History

It has taken EngenderHealth many decades—through many different names, missions, and leaders—to become who we are today: a global organization committed to gender equality, to choice, and to comprehensive sexual and reproductive health and rights.

Our history did not begin with those commitments, however. Although today we find some aspects of our origins abhorrent, EngenderHealth’s present-day organizational values of reflection and transformation require us to examine and confront our past; and, our commitment to integrity impels us to share both our history and our reflections on that history.

The organization now known as EngenderHealth was preceded by several organizations in the late 1930s and early 1940s, including the Sterilization League of New Jersey and Birthright, which promoted sterilization of people their founder deemed “unfit” for parenthood. According to founder Mariann Stephenson Olden,1 these included people with intellectual disabilities, psychiatric disease, criminal records, and congenital blindness. This stance was consistent with state laws for compulsory sterilization at the time, which disproportionately targeted Black, Native American, and poor women and girls.2 In 1948, board members who believed sterilization should be voluntary removed Olden from the organization she started.

During the 1950s and 1960s, the organization, variously named Human Betterment Association, Human Betterment Association for Voluntary Sterilization, and Association for Voluntary Sterilization, focused on increasing access to voluntary sterilization for those who chose it. Their strategies included reducing eligibility burdens and convincing insurance carriers and Medicaid agencies to cover the procedure. But their policy priorities did not include ensuring protections for women of color and poor women who still were frequently subjected to coercive sterilization.

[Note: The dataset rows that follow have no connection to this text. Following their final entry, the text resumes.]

Lemma mul_bmx a1 b1 c1 a2 b2 c2 :
  bmx a1 b1 c1 *m bmx a2 b2 c2 =
  bmx (a1 * a2 + b1 * b2 * x) (a1 * b2 + b1 * a2 + b1 * b2 * y)
      (a1 * c2 + c1 * a2 + b1 * b2 * z + (b1 * c2 + c1 * b2) * k + c1 * c2 * n%:R).
Proof.
rewrite !mulmxDl !mulmxDr !mul_scalar_mx !mul_mx_scalar -!scalemxAl -!scalemxAr.
rewrite sqrA AJ const_mx1_mul mul_const_mx1.
apply/matrixP=> i j; rewrite !mxE.
by case: (i == j); rewrite ?mulr1n ?mulr0n; ring.
Qed.

End BoseMesner.


Lemma bmx_bmx (R : comNzRingType) (n : nat) (A : 'M[R]_n) a b c a' b' c' :
  bmx (bmx A a' b' c') a b c = bmx A (a + b * a') (b * b') (b * c' + c).
Proof. by apply/matrixP=> i j; rewrite !bmxE; ring. Qed.

Lemma sumr_bool_card (R : pzSemiRingType) (T : finType) (p : pred T) :
  \sum_w ((p w)%:R : R) = #|[set w | p w]|%:R.
Proof.
rewrite -sum1dep_card natr_sum [RHS]big_mkcond /=.
by apply: eq_bigr => w _; case: (p w).
Qed.

Section AdjacencyMatrix.
Variables (R : comNzRingType) (n : nat) (e : rel 'I_n).
Local Notation A := (adjmx R e).
Local Notation J := (const_mx 1 : 'M[R]_n).

Lemma trmx_adjmx : symmetric e -> A^T = A.
Proof. by move=> esym; apply/matrixP=> i j; rewrite !mxE esym. Qed.

Lemma adjmx_mul_const k : (forall v, degree e v = k) -> A *m J = k%:R *: J.
Proof.
move=> deg_e; apply/matrixP=> i j; rewrite !mxE.
under eq_bigr do rewrite !mxE mulr1.
by rewrite sumr_bool_card -[X in X%:R]/(degree e i) deg_e mulr1.
Qed.

Lemma srg_adjmx_sqr k lam mu : srg e k lam mu ->
  A *m A = bmx A (k%:R - mu%:R) (lam%:R - mu%:R) mu%:R.
Proof.
move=> [[esym eirr] [deg_e [adj_e nadj_e]]]; apply/matrixP=> i j.
rewrite bmxE !mxE.
under eq_bigr do rewrite !mxE -natrM mulnb (esym _ j).
rewrite sumr_bool_card -[X in X%:R]/(common_nbrs e i j).
have [<-|ij] := eqVneq i j.
  have -> : common_nbrs e i i = degree e i.
    by apply: eq_card => w; rewrite !inE andbb.
  by rewrite deg_e eirr /=; ring.
case eij: (e i j).
  by rewrite adj_e //=; ring.
by rewrite nadj_e ?eij //=; ring.
Qed.

Lemma adjmx_compl : irreflexive e -> adjmx R (compl_graph e) = bmx A (-1) (-1) 1.
Proof.
move=> eirr; apply/matrixP=> i j; rewrite bmxE !mxE /compl_graph.
have [<-|ij] := eqVneq i j; first by rewrite eirr /=; ring.
by case: (e i j); rewrite /=; ring.
Qed.

End AdjacencyMatrix.

(* For a conference graph lam = mu - 1 and k = 2 mu, so the identity
   A^2 = (k - mu) I + (lam - mu) A + mu J of strongly regular graphs takes
   this form. *)
Definition conference_mx (R : numFieldType) (n : nat) (A : 'M[R]_n) : Prop :=
  [/\ A^T = A,
      A *m A = bmx A ((n%:R - 1) / 4) (-1) ((n%:R - 1) / 4)
    & A *m const_mx 1 = ((n%:R - 1) / 2) *: (const_mx 1 : 'M[R]_n)].

Lemma conference_graph_mx (R : numFieldType) (n : nat) (e : rel 'I_n) :
  conference_graph e -> conference_mx (adjmx R e).
Proof.
move=> [n_ge5 [k [lam [mu [k_eq lam_eq mu_eq srg_e]]]]].
have n_ge1 : (1 <= n)%N by apply: leq_trans n_ge5.
have kE : (k%:R : R) = (n%:R - 1) / 2.
  by rewrite -(natrB _ n_ge1) -k_eq natrM; field.
have muE : (mu%:R : R) = (n%:R - 1) / 4.
  by rewrite -(natrB _ n_ge1) -mu_eq natrM; field.
have lamE : (lam%:R : R) = mu%:R - 1.
  have -> : mu = lam.+1 by lia.
  by rewrite -natr1 addrK.
have [[esym _] [deg_e _]] := srg_e.
split; first exact: trmx_adjmx.
  by rewrite (srg_adjmx_sqr _ srg_e) lamE kE muE; congr bmx; field.
by rewrite (adjmx_mul_const _ deg_e) kE.
Qed.

Section ConferenceMatrix.
Variables (R : realFieldType) (n : nat) (A : 'M[R]_n).
Hypothesis confA : conference_mx A.

Lemma conference_mx_compl : conference_mx (bmx A (-1) (-1) 1).
Proof.
have [symA sqrA AJ] := confA.
split; first exact: trmx_bmx.
  by rewrite (mul_bmx symA sqrA AJ) bmx_bmx; congr bmx; field.
rewrite -!(bmx_const A) (mul_bmx symA sqrA AJ) scale_bmx.
by congr bmx; [ring | ring | field].
Qed.

Variables (s : R).
Hypotheses (s_gt0 : 0 < s) (sqr_s : s ^+ 2 = n%:R).

(* Up to the factors [s] and [2 s^2 / (s^2 - 1)], the matrices below are the
   orthogonal projections onto the eigenspaces of [A] for its eigenvalues
   [(s - 1) / 2] and [- (s + 1) / 2] orthogonal to the all-ones vector. *)
Lemma conference_pos_idem :
  let P := bmx A ((1 + s) / 2) 1 (- ((1 + s) / (2 * s))) in P *m P = s *: P.
Proof.
have [symA sqrA AJ] := confA.
move=> P; have s_neq0 : s != 0 by rewrite gt_eqF.
rewrite /P (mul_bmx symA sqrA AJ) scale_bmx -sqr_s.
by congr bmx; field.
Qed.

Lemma conference_neg_idem : 1 < s ->
  let M := bmx A (1 - (s + 1)^-1) (- (s - 1)^-1 - (s + 1)^-1) (s + 1)^-1 in
  M *m M = (2 * s ^+ 2 / (s ^+ 2 - 1)) *: M.
Proof.
have [symA sqrA AJ] := confA.
move=> s_gt1 M; have s1_neq0 : s - 1 != 0 by rewrite subr_eq0 gt_eqF.
have s1'_neq0 : s + 1 != 0 by rewrite gt_eqF // addr_gt0.
have s21_neq0 : s ^+ 2 - 1 != 0 by rewrite subr_eq0 gt_eqF // exprn_egt1.
rewrite /M (mul_bmx symA sqrA AJ) scale_bmx -sqr_s.
by congr bmx; field; rewrite s1_neq0 s1'_neq0 s21_neq0.
Qed.

End ConferenceMatrix.

Lemma mxtrace_mul_tr_ge0 (R : realDomainType) (m p : nat) (Y : 'M[R]_(m, p)) :
  0 <= \tr (Y *m Y^T).
Proof.
apply: sumr_ge0 => i _; rewrite mxE; apply: sumr_ge0 => j _.
by rewrite mxE -expr2 sqr_ge0.
Qed.

Lemma mxtrace_gram_mul_ge0 (R : realDomainType) (m p q : nat)
    (X : 'M[R]_(m, p)) (U : 'M[R]_(m, q)) :
  0 <= \tr (X *m X^T *m (U *m U^T)).
Proof.
rewrite -mulmxA mxtrace_mulC -!mulmxA mulmxA.
have -> : U^T *m X = (X^T *m U)^T by rewrite trmx_mul trmxK.
exact: mxtrace_mul_tr_ge0.
Qed.

Section ScaledProjection.
Variables (R : rcfType) (n : nat) (P : 'M[R]_n) (r : R).
Hypotheses (symP : P^T = P) (sqrP : P *m P = r *: P) (r_gt0 : 0 < r).

Lemma scaled_proj_factor :
  let U := (Num.sqrt r)^-1 *: P in U *m U^T = P.
Proof.
move=> U; have sqrt_neq0 : Num.sqrt r != 0 by rewrite gt_eqF ?sqrtr_gt0.
rewrite /U linearZ /= symP -scalemxAl -scalemxAr sqrP !scalerA.
have -> : (Num.sqrt r)^-1 * (Num.sqrt r)^-1 * r = 1.
  by rewrite -[X in _ * X](sqr_sqrtr (ltW r_gt0)); field.
exact: scale1r.
Qed.

Lemma mxtrace_scaled_proj_mul_gram_ge0 (m : nat) (U : 'M[R]_(n, m)) :
  0 <= \tr (P *m (U *m U^T)).
Proof. by rewrite -scaled_proj_factor mxtrace_gram_mul_ge0. Qed.

End ScaledProjection.

Section Gram.
Variable R : realType.

Definition gram (m n : nat) (u : 'I_m -> 'rV[R]_n) : 'M[R]_m :=
  \matrix_(i, j) dotv (u i) (u j).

The 1960s also saw the growth of a global family planning movement largely motivated by an interest in population control. This perspective was driven by the fear that unchecked population growth in poor countries would threaten the environment, the global economy, and political stability—a perspective we now understand as racist and colonialist. In the late 1960s, adoption of a national family planning program was a prerequisite for receiving US foreign aid.

It was in this context that the organization’s international work began in the early 1970s, with explicit attention to voluntarism and choice in surgical contraception. Association for Voluntary Sterilization innovated to make sterilization safer and more accessible and launched programs to expand training for healthcare providers outside the US. This was when the organization began to resemble who we are today, focusing internationally and identifying the right to control one’s fertility as a human right.

In the 1980s, as the Association for Voluntary Surgical Contraception (AVSC), the organization built a strong reputation for supporting training, service delivery, and quality assurance. In the 1990s, as AVSC International, the organization expanded its programming, recognizing and acting on links among a broader range of contraceptive methods and other aspects of health, including HIV prevention and maternal health. During this period AVSC International became known for developing resources and programs that emphasized informed choice and a rights-based approach to sexual and reproductive health.

Despite the research that our staff—none of us historians—have undertaken, our understanding of the details of our past projects is necessarily and unfortunately incomplete. Given the prevailing views and practices of the time, and abuses that occur around the world even today, we recognize the possibility that the tools and approaches that we used during this period may have been insufficient to fully protect people’s rights.

In 2001, we changed our name to EngenderHealth, reflecting a broader view, mission, and portfolio. Over the past two decades, we have continued to expand our work to encompass a more comprehensive definition of sexual and reproductive health and rights, including a full range of contraceptive options, safe abortion and postabortion care, maternal health and safe surgery, addressing gender-based violence, and more. Our current strategy, launched in 2019, is designed to advance gender equality in and through gender- and youth-transformative sexual and reproductive health and rights programming, in partnership with governments, local civil society, and communities.

As EngenderHealth looks toward the future, we are committed to ongoing critical reflection on our past and to learning from both our success and our mistakes, including likely or presumed mistakes, whether or not we have all the information about our past. Where we have fallen short in our long history, we are deeply sorry. We are proud of the organization we have become, and we are determined to keep improving our programs and our operations to help achieve a gender-equal world where all people achieve their sexual and reproductive health and rights.

  1. Olden, Mariann S. 1974. History of the Development of the First National Organization for Sterilization. Self-published memoir.
  2. OBOS Birth Control Contributors. 2020. A Brief History of Birth Control in the U.S. www.ourbodiesourselves.org/book-excerpts/health-article/a-brief-history-of-birth-control/.